Mi hermana se había largado a llorar, más por la culpa y el temor al castigo que por lo que había aparecido ante nuestra vista, que debía de escapar a su comprensión. La mía en cambio estaba madura para adivinar, pero lo hizo a duras penas, en medio de una confusión horrorizada que mis padres seguramente compartían.

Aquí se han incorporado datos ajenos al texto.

Lemma cat2_split (T : Type) m n (F : 'I_(m + n) -> T) :
  F = cat2 (fun i => F (lshift n i)) (fun i => F (rshift m i)).
Proof. by apply: funext => i; case: (split_ordP i) => k ->; rewrite ?cat2l ?cat2r. Qed.
Lemma cat2_inj (T : Type) m n (F F' : 'I_m -> T) (G G' : 'I_n -> T) :
  cat2 F G = cat2 F' G' -> F = F' /\ G = G'.
Proof.
move=> e; split; apply: funext => i.
  by rewrite -(cat2l F G) -(cat2l F' G') e.
by rewrite -(cat2r F G) -(cat2r F' G') e.
Qed.

Lemma cat2_const (T : Type) m n (c : T) :
  cat2 (fun _ : 'I_m => c) (fun _ : 'I_n => c) = fun _ => c.
Proof. by apply: funext => i; case: (split_ordP i) => k ->; rewrite ?cat2l ?cat2r. Qed.

(* Matrices over a ring act on columns of vectors of a left module (P y) and,
   through a right action, on rows of vectors (x P); these are the maps P. and
   .P of the paper. *)
Section LeftMatrixAction.
Variables (R : pzRingType) (V : lmodType R).

Definition matV (m n : nat) (P : 'M[R]_(m, n)) (y : 'I_n -> V) : 'I_m -> V :=
  fun i => \sum_j P i j *: y j.

Lemma matV_mul m n k (P : 'M[R]_(m, n)) (Q : 'M[R]_(n, k)) y :
  matV (P *m Q) y = matV P (matV Q y).
Proof.
apply: funext => i; rewrite /matV.
under eq_bigr do rewrite !mxE scaler_suml.
rewrite exchange_big /=; apply: eq_bigr => j _.
by rewrite scaler_sumr; apply: eq_bigr => l _; rewrite scalerA.
Qed.
Lemma matV_add m n (P : 'M[R]_(m, n)) y z :
  matV P (fun j => y j + z j) = fun i => matV P y i + matV P z i.
Proof.
by apply: funext => i; rewrite /matV -big_split; apply: eq_bigr => j _; rewrite scalerDr.
Qed.
Lemma matV0 m n (y : 'I_n -> V) : matV (0 : 'M_(m, n)) y = fun _ => 0.
Proof. by apply: funext => i; rewrite /matV big1 // => j _; rewrite mxE scale0r. Qed.
Lemma matV0r m n (P : 'M[R]_(m, n)) : matV P (fun _ => 0) = fun _ => 0.
Proof. by apply: funext => i; rewrite /matV big1 // => j _; rewrite scaler0. Qed.
Lemma matVN m n (P : 'M[R]_(m, n)) y : matV P (fun j => - y j) = fun i => - matV P y i.
Proof.
by apply: funext => i; rewrite /matV -sumrN; apply: eq_bigr => j _; rewrite scalerN.
Qed.
Lemma matV_row_mx m n1 n2 (P1 : 'M[R]_(m, n1)) (P2 : 'M[R]_(m, n2)) y1 y2 :
  matV (row_mx P1 P2) (cat2 y1 y2) = fun i => matV P1 y1 i + matV P2 y2 i.
Proof.
apply: funext => i; rewrite /matV big_split_ord /=.
by congr (_ + _); apply: eq_bigr => j _; rewrite ?row_mxEl ?row_mxEr ?cat2l ?cat2r.
Qed.
Lemma matV_col_mx m1 m2 n (P1 : 'M[R]_(m1, n)) (P2 : 'M[R]_(m2, n)) y :
  matV (col_mx P1 P2) y = cat2 (matV P1 y) (matV P2 y).
Proof.
apply: funext => i; case: (split_ordP i) => k ->; rewrite ?cat2l ?cat2r;
  by apply: eq_bigr => j _; rewrite ?col_mxEu ?col_mxEd.
Qed.
End LeftMatrixAction.

Section RightMatrixAction.
Variables (R : pzRingType) (V : zmodType) (ract : V -> R -> V).
Hypothesis ractDl : forall x y a, ract (x + y) a = ract x a + ract y a.
Hypothesis ractDr : forall x a b, ract x (a + b) = ract x a + ract x b.
Hypothesis ractM : forall x a b, ract x (a * b) = ract (ract x a) b.

Lemma ract0r x : ract x 0 = 0.
Proof. by apply: (addIr (ract x 0)); rewrite -ractDr !add0r. Qed.
Lemma ract0l a : ract 0 a = 0.
Proof. by apply: (addIr (ract 0 a)); rewrite -ractDl !add0r. Qed.
Lemma ractNl x a : ract (- x) a = - ract x a.
Proof. by apply: (addIr (ract x a)); rewrite -ractDl !addNr ract0l. Qed.
Lemma ractNr x a : ract x (- a) = - ract x a.
Proof. by apply: (addIr (ract x a)); rewrite -ractDr !addNr ract0r. Qed.
Lemma ract_suml I r (P : pred I) F a :
  ract (\sum_(i <- r | P i) F i) a = \sum_(i <- r | P i) ract (F i) a.
Proof. by apply: (big_morph (ract^~ a)) => [x y|]; rewrite ?ractDl ?ract0l. Qed.
Lemma ract_sumr I r (P : pred I) F x :
  ract x (\sum_(i <- r | P i) F i) = \sum_(i <- r | P i) ract x (F i).
Proof. by apply: (big_morph (ract x)) => [a b|]; rewrite ?ractDr ?ract0r. Qed.

Definition rowV (m n : nat) (x : 'I_m -> V) (P : 'M[R]_(m, n)) : 'I_n -> V :=
  fun j => \sum_i ract (x i) (P i j).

La corteza rosa del Cerebro Musical se había pulverizado al sufrir el impacto, señal de su fragilidad porque no había caído de más de medio metro de altura. El interior era un compacto hialino, como una gelatina bien moldeada por la cáscara. Cierto aplastamiento, y no sé si cierto temblor quizás imaginado, remanente del golpe, indicaba que no era sólido. El color no mentía: era sangre semicoagulada, y no costaba mucho decidir a quién, o mejor dicho a quiénes, había pertenecido. Porque en medio de esa masa flotaban muertos, en posición fetal mutuamente invertida, los dos enanos hombres, los mellizos. Era como dos láminas, vestidos con sus trajecitos negros, la cara y las manos blancas como la loza; ese contraste de colores los hacía visibles en el rojo oscuro de la sangre. Ésta había salido por sendas heridas en las gargantas, que eran como bocas abiertas gritando. Dije que yo veía la escena con una nitidez sobrenatural, y así la sigo viendo. Veo más de lo que vi. Es como si viera la historia en sí misma; no como una película o una sucesión de imágenes sino como un solo cuadro que se transformara, no con movimientos sino con una fijeza repetida. Aunque movimientos hubo, y abundantes: fue un vértigo, un abismo de átomos irracionales.